[[ DATA SUPPLIED open ]]

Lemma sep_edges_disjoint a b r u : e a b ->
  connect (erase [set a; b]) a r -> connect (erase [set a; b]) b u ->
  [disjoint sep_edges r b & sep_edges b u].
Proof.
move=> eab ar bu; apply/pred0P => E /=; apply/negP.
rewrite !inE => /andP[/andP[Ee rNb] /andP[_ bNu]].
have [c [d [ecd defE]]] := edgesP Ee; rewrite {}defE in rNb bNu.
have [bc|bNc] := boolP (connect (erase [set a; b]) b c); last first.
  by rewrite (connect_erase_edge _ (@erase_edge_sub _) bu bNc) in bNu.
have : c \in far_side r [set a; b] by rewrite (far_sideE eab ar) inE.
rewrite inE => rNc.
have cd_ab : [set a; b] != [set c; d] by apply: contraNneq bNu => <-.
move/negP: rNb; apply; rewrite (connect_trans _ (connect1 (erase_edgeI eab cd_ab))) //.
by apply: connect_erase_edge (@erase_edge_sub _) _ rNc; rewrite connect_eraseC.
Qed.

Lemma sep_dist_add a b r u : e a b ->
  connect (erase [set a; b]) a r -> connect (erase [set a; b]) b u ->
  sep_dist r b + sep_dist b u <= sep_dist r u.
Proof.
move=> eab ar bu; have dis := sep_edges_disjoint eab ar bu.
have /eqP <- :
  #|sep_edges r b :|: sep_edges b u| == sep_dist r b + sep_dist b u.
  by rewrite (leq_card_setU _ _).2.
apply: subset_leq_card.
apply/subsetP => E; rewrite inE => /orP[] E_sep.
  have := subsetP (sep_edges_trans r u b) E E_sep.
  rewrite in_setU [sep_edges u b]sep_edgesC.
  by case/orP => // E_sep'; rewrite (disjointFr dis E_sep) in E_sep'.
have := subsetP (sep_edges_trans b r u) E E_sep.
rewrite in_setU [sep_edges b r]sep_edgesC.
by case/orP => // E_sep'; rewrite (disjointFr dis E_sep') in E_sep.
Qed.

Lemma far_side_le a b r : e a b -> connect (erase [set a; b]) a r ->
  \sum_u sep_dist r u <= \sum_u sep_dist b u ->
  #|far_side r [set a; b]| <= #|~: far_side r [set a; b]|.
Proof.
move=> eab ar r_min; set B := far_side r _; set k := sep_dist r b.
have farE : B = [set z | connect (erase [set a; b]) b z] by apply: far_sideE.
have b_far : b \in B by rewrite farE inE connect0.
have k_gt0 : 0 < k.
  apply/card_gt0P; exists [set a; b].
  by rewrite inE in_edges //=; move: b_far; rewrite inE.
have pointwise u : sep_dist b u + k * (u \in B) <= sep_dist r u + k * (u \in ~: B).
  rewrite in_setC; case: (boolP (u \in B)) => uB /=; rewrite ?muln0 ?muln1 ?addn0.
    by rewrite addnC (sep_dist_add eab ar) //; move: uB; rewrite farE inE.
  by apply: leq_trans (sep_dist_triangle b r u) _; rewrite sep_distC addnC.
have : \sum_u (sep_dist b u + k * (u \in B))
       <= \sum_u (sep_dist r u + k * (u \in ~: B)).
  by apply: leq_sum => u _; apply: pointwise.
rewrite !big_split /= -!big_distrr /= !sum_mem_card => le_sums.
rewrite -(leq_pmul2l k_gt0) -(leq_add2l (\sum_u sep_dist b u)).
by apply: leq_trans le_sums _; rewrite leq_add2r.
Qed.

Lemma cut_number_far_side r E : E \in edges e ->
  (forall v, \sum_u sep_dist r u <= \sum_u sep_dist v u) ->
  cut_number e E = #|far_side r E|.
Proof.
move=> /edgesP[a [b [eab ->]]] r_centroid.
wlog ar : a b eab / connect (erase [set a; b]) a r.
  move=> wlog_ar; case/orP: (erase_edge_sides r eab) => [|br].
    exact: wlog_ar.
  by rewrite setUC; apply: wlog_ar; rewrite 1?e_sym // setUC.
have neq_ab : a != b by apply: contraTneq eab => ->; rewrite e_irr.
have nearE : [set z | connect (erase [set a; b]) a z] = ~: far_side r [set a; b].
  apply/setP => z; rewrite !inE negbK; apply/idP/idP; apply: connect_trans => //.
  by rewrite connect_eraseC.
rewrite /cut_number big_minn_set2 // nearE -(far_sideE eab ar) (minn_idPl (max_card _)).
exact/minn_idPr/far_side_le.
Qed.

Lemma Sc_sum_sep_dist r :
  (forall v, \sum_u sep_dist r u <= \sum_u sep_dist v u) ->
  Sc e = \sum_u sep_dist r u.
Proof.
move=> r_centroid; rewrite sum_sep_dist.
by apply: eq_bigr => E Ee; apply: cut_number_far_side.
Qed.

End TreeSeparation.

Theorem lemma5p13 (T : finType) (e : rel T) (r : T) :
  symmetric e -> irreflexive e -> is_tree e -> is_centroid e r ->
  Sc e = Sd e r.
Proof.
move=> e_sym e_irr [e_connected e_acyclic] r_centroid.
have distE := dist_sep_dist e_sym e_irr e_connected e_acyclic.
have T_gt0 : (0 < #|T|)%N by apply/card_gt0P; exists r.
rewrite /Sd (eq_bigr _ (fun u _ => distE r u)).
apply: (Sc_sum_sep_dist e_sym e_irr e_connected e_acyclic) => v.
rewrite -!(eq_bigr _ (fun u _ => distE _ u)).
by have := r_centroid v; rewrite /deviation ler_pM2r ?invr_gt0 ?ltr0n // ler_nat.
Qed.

[[ DATA SUPPLIED closed ]]
[[ DATA SUPPLIED open ]]

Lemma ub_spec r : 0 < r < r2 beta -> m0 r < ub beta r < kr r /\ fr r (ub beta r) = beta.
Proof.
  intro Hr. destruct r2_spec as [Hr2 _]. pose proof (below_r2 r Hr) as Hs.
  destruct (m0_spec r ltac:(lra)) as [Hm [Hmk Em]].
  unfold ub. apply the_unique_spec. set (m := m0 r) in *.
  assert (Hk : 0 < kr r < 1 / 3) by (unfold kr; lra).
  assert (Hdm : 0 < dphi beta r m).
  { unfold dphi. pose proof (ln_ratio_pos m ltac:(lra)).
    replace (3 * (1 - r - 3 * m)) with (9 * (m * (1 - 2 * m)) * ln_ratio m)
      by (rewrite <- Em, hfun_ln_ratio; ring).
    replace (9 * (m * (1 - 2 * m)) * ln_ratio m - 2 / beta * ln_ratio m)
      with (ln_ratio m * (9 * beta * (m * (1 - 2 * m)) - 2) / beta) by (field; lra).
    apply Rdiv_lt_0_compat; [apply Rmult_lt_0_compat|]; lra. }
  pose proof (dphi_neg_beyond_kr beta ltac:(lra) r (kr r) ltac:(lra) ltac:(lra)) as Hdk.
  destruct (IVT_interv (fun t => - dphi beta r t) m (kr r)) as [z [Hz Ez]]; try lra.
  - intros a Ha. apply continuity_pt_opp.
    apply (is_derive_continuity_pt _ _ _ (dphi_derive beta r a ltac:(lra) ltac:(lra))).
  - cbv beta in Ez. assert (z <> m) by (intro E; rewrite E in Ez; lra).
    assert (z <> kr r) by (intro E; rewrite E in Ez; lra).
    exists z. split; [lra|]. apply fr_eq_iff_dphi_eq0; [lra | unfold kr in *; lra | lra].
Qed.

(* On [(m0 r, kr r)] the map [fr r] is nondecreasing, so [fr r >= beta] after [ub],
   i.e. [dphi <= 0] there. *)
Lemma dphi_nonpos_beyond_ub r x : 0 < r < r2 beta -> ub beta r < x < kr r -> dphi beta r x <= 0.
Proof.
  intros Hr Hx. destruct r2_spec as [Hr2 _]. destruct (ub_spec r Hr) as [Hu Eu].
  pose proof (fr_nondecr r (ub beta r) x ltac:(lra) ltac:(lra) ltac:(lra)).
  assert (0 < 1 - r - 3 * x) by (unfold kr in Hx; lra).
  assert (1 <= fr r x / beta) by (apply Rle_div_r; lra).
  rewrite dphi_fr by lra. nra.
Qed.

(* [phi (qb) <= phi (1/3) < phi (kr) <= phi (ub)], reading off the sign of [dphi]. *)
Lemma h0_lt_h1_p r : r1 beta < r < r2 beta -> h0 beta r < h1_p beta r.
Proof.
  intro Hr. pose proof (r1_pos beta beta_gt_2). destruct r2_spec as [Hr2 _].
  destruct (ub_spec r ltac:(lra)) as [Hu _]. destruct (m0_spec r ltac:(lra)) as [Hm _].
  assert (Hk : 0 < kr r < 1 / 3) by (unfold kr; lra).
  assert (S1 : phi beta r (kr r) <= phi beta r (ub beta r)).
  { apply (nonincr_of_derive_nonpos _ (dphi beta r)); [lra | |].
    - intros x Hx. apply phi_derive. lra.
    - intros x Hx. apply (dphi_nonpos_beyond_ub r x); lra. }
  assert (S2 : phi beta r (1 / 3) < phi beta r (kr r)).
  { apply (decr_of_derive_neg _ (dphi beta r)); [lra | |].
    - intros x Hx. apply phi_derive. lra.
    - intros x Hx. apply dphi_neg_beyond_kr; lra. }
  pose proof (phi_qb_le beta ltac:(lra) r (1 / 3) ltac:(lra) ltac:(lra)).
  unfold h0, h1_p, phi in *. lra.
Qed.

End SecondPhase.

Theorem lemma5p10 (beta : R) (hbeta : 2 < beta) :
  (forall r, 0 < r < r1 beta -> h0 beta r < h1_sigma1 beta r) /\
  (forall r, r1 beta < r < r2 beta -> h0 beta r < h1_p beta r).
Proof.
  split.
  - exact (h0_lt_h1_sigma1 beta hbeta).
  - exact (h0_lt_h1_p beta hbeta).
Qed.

[[ DATA SUPPLIED closed ]]

◆ EXERCISE GOAL:
Return only the part of the records above that opens with the line containing "by case/orP => // E_sep'; rewrite (disjointFr dis E_sep')" and closes with the line containing "by apply: leq_trans (sep_dist_triangle", ends included.

◆ FINAL ANSWER:
by case/orP => // E_sep'; rewrite (disjointFr dis E_sep') in E_sep.
Qed.

Lemma far_side_le a b r : e a b -> connect (erase [set a; b]) a r ->
  \sum_u sep_dist r u <= \sum_u sep_dist b u ->
  #|far_side r [set a; b]| <= #|~: far_side r [set a; b]|.
Proof.
move=> eab ar r_min; set B := far_side r _; set k := sep_dist r b.
have farE : B = [set z | connect (erase [set a; b]) b z] by apply: far_sideE.
have b_far : b \in B by rewrite farE inE connect0.
have k_gt0 : 0 < k.
  apply/card_gt0P; exists [set a; b].
  by rewrite inE in_edges //=; move: b_far; rewrite inE.
have pointwise u : sep_dist b u + k * (u \in B) <= sep_dist r u + k * (u \in ~: B).
  rewrite in_setC; case: (boolP (u \in B)) => uB /=; rewrite ?muln0 ?muln1 ?addn0.
    by rewrite addnC (sep_dist_add eab ar) //; move: uB; rewrite farE inE.
  by apply: leq_trans (sep_dist_triangle b r u) _; rewrite sep_distC addnC.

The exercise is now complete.